=== DATA SUPPLIED ===
Lemma fixed_byT r t : 0 < r -> fixed_by r t [set: V] = 1.
Proof.
move=> r_gt0; elim: t => [|t IH]; first by rewrite /fixed_by /= eqxx.
rewrite fixed_byS -[RHS](sum_trans [set: V] r_gt0).
by apply: eq_bigr => u _; apply: eq_bigr => v _; rewrite updT IH mulr1.
Qed.

Lemma fixed_by_nondecreasing r t A : 0 < r -> fixed_by r t A <= fixed_by r t.+1 A.
Proof.
move=> r_gt0; elim: t A => [|t IH] A.
  have [->|A_ne_T] := eqVneq A [set: V]; first by rewrite !fixed_byT.
  by rewrite {1}/fixed_by /= eq_sym (negbTE A_ne_T); exact: fixed_by_ge0.
rewrite !fixed_byS; apply: ler_sum => u _; apply: ler_sum => v _.
by apply: ler_wpM2l; [exact: trans_ge0 | exact: IH].
Qed.

Lemma fixed_by_cvg r A : 0 < r -> cvgn (fun t => fixed_by r t A).
Proof.
move=> r_gt0; apply/cvg_ex; eexists; apply: nondecreasing_cvgn.
  apply/nondecreasing_seqP => t; exact: fixed_by_nondecreasing.
by exists 1 => _ [t _ <-]; exact: fixed_by_le1.
Qed.

Lemma fixed_by_neutral_mono t : {homo fixed_by 1 t : X Y / X \subset Y >-> X <= Y}.
Proof.
elim: t => [|t IH] X Y sXY.
  rewrite /fixed_by /=; case: eqP => [X_T | _]; last exact: ler0n.
  by rewrite -X_T in sXY; rewrite finset.eqEsubset sXY finset.subsetT.
rewrite !fixed_byS; apply: ler_sum => u _; apply: ler_sum => v _.
rewrite (trans_neutral _ _ X Y); apply: ler_wpM2l; first exact: trans_ge0 ltr01.
exact/IH/upd_subset.
Qed.

Lemma fixed_by_cmp r t A : 0 < r -> 0 <= (r - 1) * (fixed_by r t A - fixed_by 1 t A).
Proof.
move=> r_gt0; elim: t A => [|t IH] A; first by rewrite /fixed_by /= subrr mulr0.
rewrite !fixed_byS.
set a := \sum_u \sum_v trans r A u v * fixed_by r t (upd A u v).
set b := \sum_u \sum_v trans r A u v * fixed_by 1 t (upd A u v).
set c := \sum_u \sum_v trans 1 A u v * fixed_by 1 t (upd A u v).
have -> : a - c = (a - b) + (b - c) by rewrite addrA subrK.
rewrite mulrDr; apply: addr_ge0.
  rewrite /a /b !pair_bigA -sumrB mulr_sumr; apply: sumr_ge0 => -[u v] _ /=.
  by rewrite -mulrBr mulrCA; apply: mulr_ge0; [exact: trans_ge0 | exact: IH].
exact: trans_average_cmp r_gt0 ltr01 (@fixed_by_neutral_mono t).
Qed.

Lemma fixed_by_neutral_le r t A : 1 <= r -> fixed_by 1 t A <= fixed_by r t A.
Proof.
move=> r_ge1; have [-> // | r_ne1] := eqVneq r 1.
have r_gt1 : 1 < r by rewrite lt_neqAle eq_sym r_ne1.
have := fixed_by_cmp t A (lt_le_trans ltr01 r_ge1).
by rewrite pmulr_rge0 ?subr_gt0 // subr_ge0.
Qed.

Lemma fixed_by_le_neutral r t A : 0 < r -> r <= 1 -> fixed_by r t A <= fixed_by 1 t A.
Proof.
move=> r_gt0 r_le1; have [-> // | r_ne1] := eqVneq r 1.
have r_lt1 : r < 1 by rewrite lt_neqAle r_ne1.
have := fixed_by_cmp t A r_gt0.
by rewrite nmulr_rge0 ?subr_lt0 // subr_le0.
Qed.

End Comparison.

Theorem mainTheorem2 (R : realType) (V : finType) (e : rel V)
  (lam r : R) (S : {set V}) :
  simple_graph e -> graph_connected e -> (2 <= #|V|)%N ->
  0 <= lam <= 1 -> 0 < r ->
  (1 <= r -> fp e lam 1 S <= fp e lam r S) /\
  (r <= 1 -> fp e lam r S <= fp e lam 1 S).
Proof.
move=> _ conn_e V_gt1 /andP[lam_ge0 lam_le1] r_gt0.
have nbhd_gt0 u := nbhd_card_gt0 u conn_e V_gt1.
have V_gt0 : (0 < #|V|)%N by exact: ltnW.
have cvg_fixed := fixed_by_cvg lam_ge0 lam_le1 nbhd_gt0 V_gt0.
split => [r_ge1 | r_le1]; apply: ler_lim.
- exact: cvg_fixed ltr01.
- exact: cvg_fixed r_gt0.
- by apply: nearW => t; apply: fixed_by_neutral_le.
- exact: cvg_fixed r_gt0.
- exact: cvg_fixed ltr01.
- by apply: nearW => t; apply: fixed_by_le_neutral.
Qed.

=== EXERCISE ===
Wherever the string "elim" appears in the data above, copy the line it sits in.

=== WRITTEN RESPONSE ===
move=> r_gt0; elim: t => [|t IH]; first by rewrite /fixed_by /= eqxx.
move=> r_gt0; elim: t A => [|t IH] A.
elim: t => [|t IH] X Y sXY.
move=> r_gt0; elim: t A => [|t IH] A; first by rewrite /fixed_by /= subrr mulr0.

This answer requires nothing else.